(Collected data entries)
Lemma wf_step_exit_le d x a b s :
  \sum_(e : bool * bool * V | e.2 \notin N d)
     wf_step_weight N eps qbar d [eta x with s.+1 |-> e.2]
       [eta a with s |-> e.1.1] [eta b with s |-> e.1.2] s <= 1 - p.
Proof.
set u := x s; set pi := wf_p qbar eps (nvisits N x d s).
set attempt := (u \in N d) && not_home a b s.
pose wA c := if attempt then (if c then pi else 1 - pi) else (if c then 0 else 1).
pose wB c := if c then 1 - eps else eps.
pose F c c' v :=
  wA c * wB c' * (if c && c' then (v == d)%:R else (v \in N u)%:R / #|N u|%:R).
have step_weightE c c' v : wf_step_weight N eps qbar d [eta x with s.+1 |-> v]
    [eta a with s |-> c] [eta b with s |-> c'] s = F c c' v.
  rewrite /wf_step_weight /= (@eq_nvisits _ _ _ x) => [|t ts]; last first.
    by rewrite /= ltn_eqF // ltnS.
  have -> : not_home [eta a with s |-> c] [eta b with s |-> c'] s = not_home a b s.
    by congr (~~ _); apply: eq_existsb => k /=; rewrite !ltn_eqF.
  by rewrite (ltn_eqF (ltnSn s)) !eqxx.
under eq_bigr do rewrite step_weightE.
rewrite -(pair_big_dep xpredT (fun _ v => v \notin N d) (fun c v => F c.1 c.2 v)) /=.
pose r := \sum_(v | v \notin N d) ((v \in N u)%:R / #|N u|%:R : R).
(* A successful goal attempt lands on [d \in N d], so only random steps can exit. *)
have sum_exit c c' :
    \sum_(v | v \notin N d) F c c' v = wA c * wB c' * (if c && c' then 0 else r).
  rewrite -mulr_sumr; case: (c && c') => //; congr (_ * _); apply: big1 => v.
  by case: eqP => // ->; rewrite N_refl.
under eq_bigr do rewrite sum_exit.
rewrite -(pair_big xpredT xpredT (fun c c' => wA c * wB c' * (if c && c' then 0 else r))).
rewrite /= !big_bool /= /wA /wB.
have [r_ge0 r_le] : 0 <= r /\ r <= 1 - p.
  by split; [apply: sumr_ge0 => v _; apply: divr_ge0 | apply: uniform_nbhd_exit_le].
have pi_ge0 : 0 <= pi by apply: wf_p_ge0.
have [eps_ge0 eps_lt1] := andP eps01.
(* The exit mass is [r], or [r * (1 - pi * (1 - eps))] when an attempt is possible. *)
have : 0 <= pi * r * (1 - eps) by rewrite !mulr_ge0 // subr_ge0 ltW.
by clearbody wA; case: attempt; lra.
Qed.

End water_filling_step.

Section water_filling_process.
Variables (R : realType) (V : finType) (N : V -> {set V}) (p eps qbar : R) (x0 : V).
Variables (dO : measure_display) (O : measurableType dO) (P : probability O R).
Variables (D : O -> V) (X : nat -> O -> V) (A B : nat -> O -> bool).
Hypotheses (mD : forall v, measurable (D @^-1` [set v]))
  (mX : forall t v, measurable (X t @^-1` [set v]))
  (mA : forall t c, measurable (A t @^-1` [set c]))
  (mB : forall t c, measurable (B t @^-1` [set c])).

Definition cyl n d (x : nat -> V) (a b : nat -> bool) : set O :=
  [set w : O | D w = d /\ (forall t, (t <= n)%N -> X t w = x t) /\
                (forall t, (t < n)%N -> A t w = a t /\ B t w = b t)].

Lemma measurable_cyl n d x a b : measurable (cyl n d x a b).
Proof.
have -> : cyl n d x a b = D @^-1` [set d] `&`
    (\bigcap_(t in [set t | (t <= n)%N]) X t @^-1` [set x t] `&`
     \bigcap_(t in [set t | (t < n)%N]) (A t @^-1` [set a t] `&` B t @^-1` [set b t])).
  by apply/seteqP; split=> w /= [dw [xw abw]].
apply: measurableI => //; apply: measurableI; apply: bigcap_measurableType => t _ //.
exact: measurableI.
Qed.

(* Conditioning on the past up to time n amounts to summing over the finitely
   many values of [history n], whose fibers are the cylinders [cyl n]. *)
Definition hist n :=
  (V * {ffun 'I_n.+1 -> V} * {ffun 'I_n -> bool} * {ffun 'I_n -> bool})%type.

Definition hist_of n (d : V) (x : nat -> V) (a b : nat -> bool) : hist n :=
  (d, [ffun t : 'I_n.+1 => x t], [ffun t : 'I_n => a t], [ffun t : 'I_n => b t]).

Definition history n w : hist n := hist_of n (D w) (X^~ w) (A^~ w) (B^~ w).

Lemma cylE n d x a b : cyl n d x a b = history n @^-1` [set hist_of n d x a b].
Proof.
rewrite /history /hist_of; apply/seteqP; split=> w /=.
  move=> [-> [xw abw]]; congr (_, _, _, _).
  - exact/(eq_ffun_ordP (X^~ w)).
  - by apply/(eq_ffun_ordP (A^~ w)) => t /abw[].
  - by apply/(eq_ffun_ordP (B^~ w)) => t /abw[].
move=> [= dw /(eq_ffun_ordP (X^~ w)) xw].
move=> /(eq_ffun_ordP (A^~ w)) aw /(eq_ffun_ordP (B^~ w)) bw.
by split=> //; split=> // t tn; split; [apply: aw | apply: bw].
Qed.

Lemma hist_of_surj {n} (h : hist n) : exists d x a b, h = hist_of n d x a b.
Proof.
case: h => [[[d x] a] b]; pose ext T m (f : {ffun 'I_m -> T}) t0 t := oapp f t0 (insub t).
exists d, (ext _ _ x d), (ext _ _ a false), (ext _ _ b false).
by congr (_, _, _, _); apply/ffunP => t; rewrite ffunE /ext valK.
Qed.

Lemma measurable_history {n} (S : set (hist n)) : measurable (history n @^-1` S).
Proof.
apply: measurable_preimage_fin => h.
by have [d [x [a [b ->]]]] := hist_of_surj h; rewrite -cylE; apply: measurable_cyl.
Qed.

Definition next_move s w : bool * bool * V := (A s w, B s w, X s.+1 w).

Lemma measurable_next_move s e : measurable (next_move s @^-1` [set e]).
Proof.
have -> : next_move s @^-1` [set e] =
    A s @^-1` [set e.1.1] `&` B s @^-1` [set e.1.2] `&` X s.+1 @^-1` [set e.2].
  apply/seteqP; split=> [w /= <-| w [[/= aw bw] xw]] //.
  by case: e aw bw xw => [[c c'] v] /= <- <- <-.
by apply: measurableI => //; apply: measurableI.
Qed.

Lemma cyl_next_move s d x a b c c' v :
  cyl s d x a b `&` next_move s @^-1` [set (c, c', v)] =
  cyl s.+1 d [eta x with s.+1 |-> v] [eta a with s |-> c] [eta b with s |-> c'].
Proof.
apply/seteqP; split=> w /=.
  move=> [[dw [xw abw]] [= <- <- <-]]; split=> //; split=> t /=.
    have [-> //|ts ts1] := eqVneq t s.+1; apply: xw.
    by rewrite -ltnS ltn_neqAle ts ts1.
  have [-> //|ts ts1] := eqVneq t s; apply: abw.
  by rewrite ltn_neqAle ts -ltnS ts1.
move=> [dw [xw abw]]; split; first split=> //; first split=> t ts.
- by have := xw t (leqW ts); rewrite /= ltn_eqF.
- by have := abw t (ltnW ts); rewrite /= ltn_eqF.
have := xw s.+1 (leqnn _); have := abw s (ltnSn s).
by rewrite /= !eqxx /next_move => -[-> ->] ->.
Qed.

Hypotheses (eps01 : 0 <= eps < 1) (qbar_gt0 : 0 < qbar).
Hypotheses (N_refl : forall v, v \in N v) (overlap : neighborhood_overlap N p).
Hypothesis p01 : 0 < p <= 1.
Hypothesis P_cyl : forall n d x a b,
  P (cyl n d x a b) = (wf_path_weight N eps qbar x0 d x a b n)%:E.

Definition exit_nbhd s := [set w | X s.+1 w \notin N (D w)].

Lemma measurable_exit_nbhd s : measurable (exit_nbhd s).
Proof.
pose f w := (D w, X s.+1 w).
have -> : exit_nbhd s = f @^-1` [set u | u.2 \notin N u.1] by [].
apply: measurable_preimage_fin => -[d v].
have -> : f @^-1` [set (d, v)] = D @^-1` [set d] `&` X s.+1 @^-1` [set v].
  by apply/seteqP; split=> w; rewrite /preimage /f /=; [case=> -> -> | case=> -> ->].
exact: measurableI.
Qed.

Local Open Scope ereal_scope.

Lemma cyl_exit_le s d x a b :
  P (cyl s d x a b `&` exit_nbhd s) <= (1 - p)%:E * P (cyl s d x a b).
Proof.
have m_cyl_exit : measurable (cyl s d x a b `&` exit_nbhd s).
  exact: measurableI (measurable_cyl _ _ _ _ _) (measurable_exit_nbhd s).
rewrite (measure_fibers P (next_move s) _ (measurable_next_move s) m_cyl_exit).
rewrite (bigID (fun e => e.2 \notin N d)) /= [X in _ + X]big1 ?adde0; last first.
  move=> [[c c'] v] /= vN; rewrite -[RHS](measure0 P); congr (P _).
  apply/seteqP; split=> // w [[[dw _] exw] [= _ _ xw]].
  by move: exw; rewrite /exit_nbhd /= dw xw; apply/negP.
have W_ge0 : (0 <= wf_path_weight N eps qbar x0 d x a b s)%R.
  by rewrite -lee_fin -P_cyl measure_ge0.
rewrite (eq_bigr (fun e => (wf_path_weight N eps qbar x0 d x a b s *
    wf_step_weight N eps qbar d [eta x with s.+1 |-> e.2]
      [eta a with s |-> e.1.1] [eta b with s |-> e.1.2] s)%:E)); last first.
  move=> [[c c'] v] /= vN; rewrite -wf_path_weightS -P_cyl -cyl_next_move.
  congr (P _); apply/seteqP; split=> w [cw ew]; first by case: cw.
  split=> //; split=> //; case: cw ew => dw _ [= _ _ xw].
  by rewrite /exit_nbhd /= dw xw.
rewrite sumEFin -mulr_sumr P_cyl -EFinM lee_fin mulrC ler_wpM2r //.
exact: wf_step_exit_le.
Qed.

Lemma history_exit_le s (S : set (hist s)) :
  P (history s @^-1` S `&` exit_nbhd s) <= (1 - p)%:E * P (history s @^-1` S).
Proof.
have m_fiber h : measurable (history s @^-1` [set h]) := measurable_history _.
have mS := measurable_history S.
have mS_exit := measurableI _ _ mS (measurable_exit_nbhd s).
rewrite (measure_fibers P (history s) _ m_fiber mS_exit).
rewrite (measure_fibers P (history s) _ m_fiber mS) ge0_sume_distrr => [|h _]; last first.
  exact: measure_ge0.
apply: lee_sum => h _; have [d [x [a [b ->]]]] := hist_of_surj h; rewrite -cylE.
have [Sh|nSh] := pselect (S (hist_of s d x a b)).
  have cylS : cyl s d x a b `<=` history s @^-1` S by rewrite cylE => w /= ->.
  by rewrite setIAC !(setIidr cylS); apply: cyl_exit_le.
have S_cyl0 : history s @^-1` S `&` cyl s d x a b = set0.
  by apply/seteqP; split=> // w []; rewrite cylE /= => Sw wh; apply: nSh; rewrite -wh.
by rewrite setIAC S_cyl0 set0I !measure0 mule0.
Qed.

Definition visits w s := nvisits N (X^~ w) (D w) s.

Lemma visits_event s (Q : pred nat) :
  [set w | Q (visits w s)] = history s @^-1` (history s @` [set w | Q (visits w s)]).
Proof.
apply/seteqP; split=> [w Qw | w [w' Qw' ww']]; first by exists w.
move: ww' Qw' => [= dw /(eq_ffun_ordP (X^~ w') (X^~ w)) xw _ _].
by rewrite /= /visits dw (@eq_nvisits _ _ (X^~ w') (X^~ w)).
Qed.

__Work required__: Please copy only these lines, exactly: the first line of the records through the line containing "set u := x s;", ends included.

__Task result__:
Lemma wf_step_exit_le d x a b s :
  \sum_(e : bool * bool * V | e.2 \notin N d)
     wf_step_weight N eps qbar d [eta x with s.+1 |-> e.2]
       [eta a with s |-> e.1.1] [eta b with s |-> e.1.2] s <= 1 - p.
Proof.
set u := x s; set pi := wf_p qbar eps (nvisits N x d s).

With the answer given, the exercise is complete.